Life is full of changes!


----------



## chicois8 (Aug 8, 2009)

You do not ""give up"" you US citizenship, you will have duel citizenship......


----------



## surabi (Jan 1, 2017)

Permanent residency in Mexico is, just like it sounds, permanent. There is nothing in the regulations about having to decide to change that after 5 years.
However, one MAY decide to apply for Mexican citizenship after 5 years on a permanent residency.
Becoming a Mexican permanent resident or a Mexican citizen does not affect your US citizenship. In fact, it costs a lot to renounce your US citizenship, and FYI the US and Eritrea are the only 2 countries in the world that tax their citizens as opposed to their residents. The US considers you a "US person" even if you've never stepped foot in the US, but if, for instance, one of your parents was an American citizen when you were born.


----------



## surabi (Jan 1, 2017)

Also, there are no regulations about how long you can be out of Mexico when you have Mex. permanent residency. You could leave for a month every other month if you wanted to, or whatever. There is no need to reapply if you go back to live in the States for awhile.
However, if you wish to become a Mexican citizen, there are regulations as to how long you need to have been physically present in Mexico during the few years leading up to your citizenship application.


----------



## DebInFL (Dec 1, 2016)

Thanks for all the replies! 

Yes, the U.S. is horrible about taxing people who don't live or work here. It's really ridiculous to have to be taxed by two countries on the same income. The U.S. also makes it very difficult to renounce your citizenship, and I hear they make it hard to even have dual citizenship. This country is getting less and less desirable to live in.


----------



## TundraGreen (Jul 15, 2010)

DebInFL said:


> Thanks for all the replies!
> 
> Yes, the U.S. is horrible about taxing people who don't live or work here. It's really ridiculous to have to be taxed by two countries on the same income. The U.S. also makes it very difficult to renounce your citizenship, and I hear they make it hard to even have dual citizenship. This country is getting less and less desirable to live in.


How do they make it hard to have dual citizenship? I never asked the US for permission when I added Mexican citizenship. I doubt that the US even knows I am a Mexican citizen as well. Was I supposed to tell them? Is the NSA going to come knocking on my door at some point?


----------



## lagoloo (Apr 12, 2011)

In this increasingly computerized world, they won't need to ask. The days of things like "permanent tourists" living in Mexico and "dual citizenship" for those born in the U.S.A. are numbered.
I understand that the number of U.S. citizens renouncing their status has been increasing in recent years. The cost for doing so is $$high. They luv your tax dollars, so the IRS doesn't want to let you go!


----------



## Zorro2017 (Jan 9, 2017)

DebInFL said:


> Thanks for all the replies!
> 
> Yes, the U.S. is horrible about taxing people who don't live or work here. It's really ridiculous to have to be taxed by two countries on the same income.
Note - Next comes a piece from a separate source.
(* Let $R$ be a regular run and $t>0$. The guard of SignalOpen [Dir = close and SafeToOpen] holds at $t$ (equivalently, SignalOpen fires at $t$) if and only if SafeToOpen becomes true at $t$. Consequently, SignalOpen fires at a moment $t>0$ only if TrackStatus$(x)$ becomes empty at $t$ for some track $x$.
   Context: Setting (evolving algebra for the railroad crossing). States are structures over a vocabulary containing: a finite universe Tracks; the reals and ExtendedReals $=\mathbb{R}\cup\{\infty\}$ with standard $<$ and $+$ ($\infty$ largest); a nullary real-valued symbol $\mathrm{CT}$ (current time); positive real constants $d_{close},d_{open},d_{min},d_{max}$ with $d_{close}<d_{min}\le d_{max}$; a unary function TrackStatus from Tracks to $\{\text{empty},\text{coming},\text{incrossing}\}$; a unary function Deadline from Tracks to ExtendedReals; a nullary Dir with values in $\{\text{open},\text{close}\}$; a nullary GateStatus with values in $\{\text{opened},\text{closed}\}$. Put $W=d_{min}-d_{close}$ and $\Delta_{close}=d_{close}+(d_{max}-d_{min})=d_{max}-W$. For a track $x$, $s(x)$ is the condition [$\mathrm{TrackStatus}(x)=\text{empty}$ or $\mathrm{CT}+d_{open}<\mathrm{Deadline}(x)$], and SafeToOpen is $\forall x\in\mathrm{Tracks}\ s(x)$. The program has two modules (agents). Gate: simultaneously OpenGate ''if Dir=open then GateStatus:=opened'' and CloseGate ''if Dir=close then GateStatus:=closed''. Controller: simultaneously, for every track $x$, SetDeadline$(x)$ ''if TrackStatus$(x)$=coming and Deadline$(x)=\infty$ then Deadline$(x):=\mathrm{CT}+W$'', SignalClose$(x)$ ''if $\mathrm{CT}=$Deadline$(x)$ then Dir:=close'', ClearDeadline$(x)$ ''if TrackStatus$(x)$=empty and Deadline$(x)<\infty$ then Deadline$(x):=\infty$'', together with SignalOpen ''if Dir=close and SafeToOpen then Dir:=open''. Executing a module means computing all updates it generates in the current state and performing them simultaneously (nothing happens if the update set is inconsistent). A module is enabled at a state if its update set is consistent and contains an update that changes the state. TrackStatus is external (changed only by the environment); Deadline, Dir, GateStatus are internal (changed only by the modules); other symbols are static. Runs: for $t\mapsto R(t)$, $t\in[0,\infty)$, let $\rho(t)$ be the reduct of $R(t)$ without CT. $R$ is a pre-run if all $R(t)$ share a superuniverse, $\mathrm{CT}=t$ in $R(t)$, and for every $\tau>0$ there are $0=t_0<\dots<t_n=\tau$ with $\rho$ constant on each $(t_i,t_{i+1})$. For a term $e$ (free variables fixed), $e_t$ is its value in $R(t)$, $e_{t+}$ (resp. $e_{t-}$, $t>0$) its constant value on some $(t,t+\epsilon)$ (resp. $(t-\epsilon,t)$); likewise $\rho(t\pm)$. $e$ holds over an interval if it holds at each point; $e$ becomes (is set to) $a$ at $t$ if $e_{t-}\ne a=e_t$ or $e_t\neq a=e_{t+}$. A pre-run is a run if (i) whenever $\rho(t+)\neq\rho(t)$, $\rho(t+)$ is the CT-free reduct of the result of executing some modules at $R(t)$ (these agents fire at $t$), with external functions equal in $\rho(t)$ and $\rho(t+)$; (ii) whenever $t>0$ and $\rho(t)\ne\rho(t-)$, they differ only in external functions. An agent is immediate if it fires at every moment it is enabled; bounded if immediate or there is $b>0$ with no interval $(t,t+b)$ over which it is enabled but never fires. Initial states: TrackStatus$(x)$=empty and Deadline$(x)=\infty$ for every track $x$. A regular run is a run $R$ with $R(0)$ initial such that: (Train Motion) for each track $x$ there is a finite or infinite sequence $0=t_0<t_1<t_2<\cdots$ (the significant moments of $x$) with TrackStatus$(x)$=empty over each $[t_{3i},t_{3i+1})$, =coming over each $[t_{3i+1},t_{3i+2})$ where $d_{min}\le t_{3i+2}-t_{3i+1}\le d_{max}$, =incrossing over each $[t_{3i+2},t_{3i+3})$, and, if the sequence is finite with last element $t_k$, then $3\mid k$ and TrackStatus$(x)$=empty over $[t_k,\infty)$; (Controller Timing) Controller is immediate; (Gate Timing) Gate is bounded, there is no interval $(t,t+d_{close})$ over which Dir=close and GateStatus=opened both hold, and no interval $(t,t+d_{open})$ over which Dir=open and GateStatus=closed both hold. *)

From Stdlib Require Import Reals Lra FinFun.
Open Scope R_scope.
Oh I know, isn't it terrible that the super rich can't hide their money here, make interest and not declare it like they would have to in American banks? Or work overseas and not declare any income when they send the money back home to their wives?


----------



## Isla Verde (Oct 19, 2011)

lagoloo said:


> In this increasingly computerized world, they won't need to ask. The days of things like "permanent tourists" living in Mexico and "dual citizenship" for those born in the U.S.A. are numbered.


I know of many dual US/Mexican citizens born in the States living here. Why do you think that their status may be in danger?


----------



## citlali (Mar 4, 2013)

Deb I think you are confused.

Some US citizen renounce their citizenship in order to benefit ot be under a different tax status in another country. Of course to do that you have to have another nationality otherwise you have no nationality and a big problem.

Other US citizens take on another nationality and become dual or triple citizens..You do not have to give up the US citizenship to take on another nationality. Usually you are considered a national of the country where you live and cannot claim the US citizenship there and when in the US you can claim US citizenship and do not claim Mexican citizenship but you do not give up any nationality.


----------



## surabi (Jan 1, 2017)

Zorro2017 said:


> Oh I know, isn't it terrible that the super rich can't hide their money here, make interest and not declare it like they would have to in American banks? Or work overseas and not declare any income when they send the money back home to their wives?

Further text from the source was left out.